Lemma pw_pw a b x : pw (pw a b) (mu (nseq m x)) = mu (pw b x :: nseq n (pw a x)).
Proof.
rewrite -(mprod_mu (s := nseq m x)) -?(mprod_mu (s := rcons (nseq n a) b)); try solve_size.
rewrite -(mprod_mu (s := rcons (nseq n _) (mprod _))) -[in LHS]cats1; last solve_size.
rewrite -[nseq n _ ++ _]cat0s (mprod_expand_nseq (j := 1) (k := 1)) /=; try solve_size.
rewrite (mprod_expand (j := 1) (k := n.+1)); try solve_size.
rewrite -(mprod_mu (s := pw b x :: _)); last solve_size.
rewrite -(mprod_mu (s := rcons (nseq n b) x)) -?(mprod_mu (s := rcons (nseq n a) x));
  try solve_size.
rewrite -[mprod _ :: _]cat0s (mprod_expand (j := 1) (k := 1)) /=; try solve_size.
rewrite -[nseq n (mprod _)]cats0 (mprod_expand_nseq (j := 1) (k := 2)); try solve_size.
apply: (mprod_perm (k := n.+2)); first solve_size.
apply: (Permutation_flatten_map (g := nth [::] [:: [:: a]; [:: b]; [:: x]])
          (s := flatten (nseq n (nseq n 0 ++ [:: 1])) ++ nseq m 2)
          (t := nseq n 1 ++ [:: 2] ++ flatten (nseq n (nseq n 0 ++ [:: 2])))).
- by flatten_blocks.
- by flatten_blocks.
- by perm_by_count.
Qed.

Lemma simm_mu_cons a b a' b' c d : size c = n -> size d = n -> sim (a, b) (a', b') ->
  sim (mu (a :: c), mu (b :: d)) (mu (a' :: c), mu (b' :: d)).
Proof. by move=> sz_c sz_d [x [y [/= E1 E2]]]; exists x, y => /=; rewrite !pw_mu_cons // E1 E2. Qed.

Lemma simm_mu_cons_cancel a b a' b' c d : size c = n -> size d = n ->
  sim (mu (a :: c), mu (b :: d)) (mu (a' :: c), mu (b' :: d)) -> sim (a, b) (a', b').
Proof.
move=> sz_c sz_d [x [y [/= E1 E2]]].
(* Absorbing [n] copies of [c] and [d] into the witnesses turns [a] into [mu (a :: c)]. *)
exists (mprod (flatten (nseq n (c ++ d)) ++ [:: x])), (mprod (flatten (nseq n (c ++ d)) ++ [:: y])).
have Pcd : Permutation (c ++ d) (d ++ c) by apply: Permutation_app_comm.
split=> /=.
- by rewrite !(pw_mprod _ _ sz_c sz_d (Permutation_refl _)) E1.
- by rewrite !(pw_mprod _ _ sz_d sz_c Pcd) E2.
Qed.

Lemma simm_solution c d xs ys : size xs = n -> size ys = n ->
  sim (mu (mu (c :: ys) :: xs), mu (mu (d :: xs) :: ys)) (c, d).
Proof.
move=> sz_xs sz_ys; exists c, (mprod (flatten (nseq n (ys ++ xs)) ++ [:: c])).
have Pyx : Permutation (ys ++ xs) (xs ++ ys) by apply: Permutation_app_comm.
split=> /=.
- by rewrite pw_mu_cons // (pw_mprod _ _ sz_ys sz_xs (Permutation_refl _)).
- by rewrite pw_mu_cons // (pw_mprod _ _ sz_xs sz_ys Pyx).
Qed.

Lemma mu_cons_nseq a b : mu (a :: nseq n b) = pw b a.
Proof.
apply: mu_comm; first by rewrite /= size_nseq; lia.
by rewrite -cats1; apply: Permutation_cons_append.
Qed.

Definition bar (p : S * S) : S * S := (mu (p.1 :: nseq n p.2), mu (rcons (nseq n p.1) p.2)).
Lemma singleton_laminar (T : finType) (Cs : {set {set T}}) M :
  M \in singletons T -> laminar Cs M.
Proof.
move=> /imsetP[x _ ->] D _; case xD: (x \in D); first by apply: Or31; rewrite sub1set.
by apply: Or33; apply/setP => z; rewrite !inE; apply/andP => -[/eqP-> ]; rewrite xD.
Qed.

Section AverageLinkageTree.
Variables (R : realType) (T : finType) (S : T -> T -> R) (Cs : {set {set T}}).
Hypothesis Ssym : forall x y, S x y = S y x.
Hypothesis Cspart : clustering Cs.
Hypothesis Cstab : stable S Cs.
Variable s : seq ({set T} * {set T}).
Hypothesis Htree : avg_linkage_tree S s.

Lemma tnode_laminar M : M \in tnodes s -> laminar Cs M.
Proof.
exact: (al_run_laminar Ssym Cspart Cstab Htree (singletons_partition T) (@singleton_laminar _ _)).
Qed.

Lemma target_tnode D : D \in Cs -> D \in tnodes s.
Proof.
move=> DCs; apply: (al_run_targets Ssym Cspart Cstab Htree (singletons_partition T)) => //.
  exact: singleton_laminar.
move=> _ /imsetP[x _ ->]; rewrite properEneq subset1 negb_and negbK.
by rewrite (negbTE (partition_neq0 Cspart DCs)) orbF orbN.
Qed.

Lemma tree_pair p : p \in s -> [/\ p.1 \in tnodes s, p.2 \in tnodes s, p.1 != set0,
  p.2 != set0 & p.1 :&: p.2 = set0].
Proof. exact: al_run_pairs Htree (singletons_partition T) p. Qed.

End AverageLinkageTree.

Lemma tdepth_proper (T : finType) (s : seq ({set T} * {set T})) (M N : {set T}) :
  N \in tnodes s -> M \proper N -> (tdepth s N < tdepth s M)%N.
Proof.
move=> Nt MN; apply: proper_card; apply/properP; split.
  by apply/subsetP => X; rewrite !inE => /andP[-> /(proper_trans MN)].
by exists N; rewrite inE ?Nt ?MN // properxx andbF.
Qed.

Section TargetCount.
Variables (T : finType) (Cs : {set {set T}}).
Hypothesis Cspart : clustering Cs.
Implicit Types (A B C D : {set T}).

Definition ntargets C := #|[set D in Cs | D :&: C != set0]|.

★ ★ ★ ★ ★

◆ AIM OF THE TASK
Find the lines above with the word "exists". Copy them out.

◆ EXPECTED OUTPUT
Proof. by move=> sz_c sz_d [x [y [/= E1 E2]]]; exists x, y => /=; rewrite !pw_mu_cons // E1 E2. Qed.
exists (mprod (flatten (nseq n (c ++ d)) ++ [:: x])), (mprod (flatten (nseq n (c ++ d)) ++ [:: y])).
move=> sz_xs sz_ys; exists c, (mprod (flatten (nseq n (ys ++ xs)) ++ [:: c])).
by exists N; rewrite inE ?Nt ?MN // properxx andbF.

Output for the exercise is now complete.